### Work task:
Scan the listing below and copy every line holding "split".

### Data records:
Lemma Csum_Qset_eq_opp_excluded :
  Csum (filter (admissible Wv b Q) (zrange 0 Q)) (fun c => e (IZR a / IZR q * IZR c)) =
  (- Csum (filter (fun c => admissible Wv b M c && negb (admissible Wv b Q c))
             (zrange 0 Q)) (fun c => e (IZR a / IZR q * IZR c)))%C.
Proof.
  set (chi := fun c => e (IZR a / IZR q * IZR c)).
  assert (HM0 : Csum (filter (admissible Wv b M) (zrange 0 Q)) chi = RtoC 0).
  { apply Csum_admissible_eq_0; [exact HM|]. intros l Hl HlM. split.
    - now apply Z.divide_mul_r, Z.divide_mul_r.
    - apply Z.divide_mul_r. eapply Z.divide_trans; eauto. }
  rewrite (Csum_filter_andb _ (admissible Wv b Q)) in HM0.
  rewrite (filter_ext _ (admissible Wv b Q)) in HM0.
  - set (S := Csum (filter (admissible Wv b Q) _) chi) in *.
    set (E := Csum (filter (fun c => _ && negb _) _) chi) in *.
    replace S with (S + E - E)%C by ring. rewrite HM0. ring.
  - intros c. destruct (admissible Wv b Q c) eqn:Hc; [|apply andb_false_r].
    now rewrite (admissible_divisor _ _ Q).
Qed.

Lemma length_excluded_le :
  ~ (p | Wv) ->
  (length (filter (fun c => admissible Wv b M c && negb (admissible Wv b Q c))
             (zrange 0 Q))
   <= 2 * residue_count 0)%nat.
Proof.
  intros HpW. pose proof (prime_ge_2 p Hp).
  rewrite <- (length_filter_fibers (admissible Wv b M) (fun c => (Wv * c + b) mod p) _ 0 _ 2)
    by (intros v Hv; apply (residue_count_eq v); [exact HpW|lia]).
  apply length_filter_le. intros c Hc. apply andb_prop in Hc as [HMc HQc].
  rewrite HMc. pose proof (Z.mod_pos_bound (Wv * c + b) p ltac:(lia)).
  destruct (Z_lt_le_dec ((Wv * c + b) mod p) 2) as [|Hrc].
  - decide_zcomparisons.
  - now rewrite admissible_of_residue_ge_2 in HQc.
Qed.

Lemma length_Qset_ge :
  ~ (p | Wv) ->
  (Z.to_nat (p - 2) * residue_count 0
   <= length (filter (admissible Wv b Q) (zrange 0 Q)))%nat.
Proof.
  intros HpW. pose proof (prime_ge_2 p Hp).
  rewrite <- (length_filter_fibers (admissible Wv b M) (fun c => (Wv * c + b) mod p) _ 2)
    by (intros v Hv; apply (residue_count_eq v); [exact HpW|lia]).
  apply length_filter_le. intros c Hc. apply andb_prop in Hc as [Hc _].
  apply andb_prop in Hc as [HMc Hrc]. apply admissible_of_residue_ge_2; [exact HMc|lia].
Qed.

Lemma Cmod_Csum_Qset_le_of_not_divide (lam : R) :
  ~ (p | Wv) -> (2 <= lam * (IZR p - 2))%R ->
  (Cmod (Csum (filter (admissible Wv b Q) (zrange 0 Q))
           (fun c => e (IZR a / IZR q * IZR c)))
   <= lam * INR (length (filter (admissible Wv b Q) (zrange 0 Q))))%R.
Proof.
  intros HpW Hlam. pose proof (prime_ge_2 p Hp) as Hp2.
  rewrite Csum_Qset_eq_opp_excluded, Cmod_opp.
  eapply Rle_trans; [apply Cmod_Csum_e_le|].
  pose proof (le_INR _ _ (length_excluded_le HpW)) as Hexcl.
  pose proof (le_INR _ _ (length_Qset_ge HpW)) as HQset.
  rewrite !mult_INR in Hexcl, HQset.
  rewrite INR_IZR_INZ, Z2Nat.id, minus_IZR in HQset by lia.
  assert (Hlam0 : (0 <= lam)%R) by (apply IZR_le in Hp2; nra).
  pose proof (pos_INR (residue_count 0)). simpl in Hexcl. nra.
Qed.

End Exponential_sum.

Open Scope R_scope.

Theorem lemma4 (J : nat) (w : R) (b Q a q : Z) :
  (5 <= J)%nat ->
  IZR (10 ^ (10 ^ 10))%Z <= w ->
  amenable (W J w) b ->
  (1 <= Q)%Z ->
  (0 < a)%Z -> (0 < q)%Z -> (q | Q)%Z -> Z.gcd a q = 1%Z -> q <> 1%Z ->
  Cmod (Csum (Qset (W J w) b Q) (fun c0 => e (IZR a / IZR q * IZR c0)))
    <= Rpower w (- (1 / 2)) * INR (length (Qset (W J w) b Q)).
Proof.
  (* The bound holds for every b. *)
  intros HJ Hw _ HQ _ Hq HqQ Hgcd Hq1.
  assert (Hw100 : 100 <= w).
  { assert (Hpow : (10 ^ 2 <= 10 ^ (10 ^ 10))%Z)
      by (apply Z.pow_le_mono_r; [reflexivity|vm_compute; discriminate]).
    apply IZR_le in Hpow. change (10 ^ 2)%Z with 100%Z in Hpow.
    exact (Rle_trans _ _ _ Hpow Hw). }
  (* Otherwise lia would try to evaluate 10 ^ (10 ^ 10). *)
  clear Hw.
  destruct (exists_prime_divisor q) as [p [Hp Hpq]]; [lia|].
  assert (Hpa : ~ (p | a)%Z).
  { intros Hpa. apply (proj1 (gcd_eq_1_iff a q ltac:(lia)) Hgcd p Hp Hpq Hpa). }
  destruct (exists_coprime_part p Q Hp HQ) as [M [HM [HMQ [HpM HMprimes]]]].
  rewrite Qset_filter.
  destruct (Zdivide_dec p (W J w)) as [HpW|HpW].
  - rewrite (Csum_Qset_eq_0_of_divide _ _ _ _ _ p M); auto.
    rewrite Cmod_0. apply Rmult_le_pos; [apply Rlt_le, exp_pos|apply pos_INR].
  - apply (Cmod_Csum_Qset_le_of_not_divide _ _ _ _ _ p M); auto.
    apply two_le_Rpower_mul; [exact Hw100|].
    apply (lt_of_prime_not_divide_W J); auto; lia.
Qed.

* * *

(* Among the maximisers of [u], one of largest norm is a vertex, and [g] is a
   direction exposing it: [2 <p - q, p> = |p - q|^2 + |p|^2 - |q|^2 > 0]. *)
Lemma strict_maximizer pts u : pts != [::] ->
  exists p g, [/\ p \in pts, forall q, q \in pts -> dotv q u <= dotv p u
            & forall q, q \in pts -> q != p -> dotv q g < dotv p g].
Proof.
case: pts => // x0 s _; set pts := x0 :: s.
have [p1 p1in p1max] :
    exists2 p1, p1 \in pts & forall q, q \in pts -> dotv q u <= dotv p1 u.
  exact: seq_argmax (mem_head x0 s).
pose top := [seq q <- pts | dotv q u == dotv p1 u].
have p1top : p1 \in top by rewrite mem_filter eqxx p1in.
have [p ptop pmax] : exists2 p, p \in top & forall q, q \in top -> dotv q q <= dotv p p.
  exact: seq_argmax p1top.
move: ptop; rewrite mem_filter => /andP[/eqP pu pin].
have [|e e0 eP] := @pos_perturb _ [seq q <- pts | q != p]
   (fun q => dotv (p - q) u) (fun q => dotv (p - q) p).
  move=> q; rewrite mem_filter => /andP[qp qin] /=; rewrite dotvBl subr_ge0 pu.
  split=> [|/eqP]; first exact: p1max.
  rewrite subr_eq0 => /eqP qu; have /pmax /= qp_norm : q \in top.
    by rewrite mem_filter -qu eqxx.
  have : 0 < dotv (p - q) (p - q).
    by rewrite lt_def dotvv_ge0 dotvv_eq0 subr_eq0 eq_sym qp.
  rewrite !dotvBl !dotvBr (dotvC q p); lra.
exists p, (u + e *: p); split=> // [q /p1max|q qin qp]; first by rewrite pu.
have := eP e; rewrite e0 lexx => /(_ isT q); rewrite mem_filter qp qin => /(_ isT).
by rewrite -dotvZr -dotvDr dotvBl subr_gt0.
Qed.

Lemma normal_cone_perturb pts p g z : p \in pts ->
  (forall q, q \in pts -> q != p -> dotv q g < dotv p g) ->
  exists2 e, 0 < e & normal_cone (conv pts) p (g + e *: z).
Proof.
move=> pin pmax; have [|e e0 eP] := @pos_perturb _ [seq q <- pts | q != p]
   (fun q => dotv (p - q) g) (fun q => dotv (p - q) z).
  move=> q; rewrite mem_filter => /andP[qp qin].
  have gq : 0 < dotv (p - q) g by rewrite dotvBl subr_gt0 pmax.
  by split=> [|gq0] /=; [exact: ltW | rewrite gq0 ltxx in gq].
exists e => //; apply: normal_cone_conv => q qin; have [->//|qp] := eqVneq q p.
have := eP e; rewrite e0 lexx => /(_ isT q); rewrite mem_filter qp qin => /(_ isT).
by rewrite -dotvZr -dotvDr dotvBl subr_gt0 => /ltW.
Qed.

### Solved problem:
  { apply Csum_admissible_eq_0; [exact HM|]. intros l Hl HlM. split.
  split=> [|/eqP]; first exact: p1max.
exists p, (u + e *: p); split=> // [q /p1max|q qin qp]; first by rewrite pu.
  by split=> [|gq0] /=; [exact: ltW | rewrite gq0 ltxx in gq].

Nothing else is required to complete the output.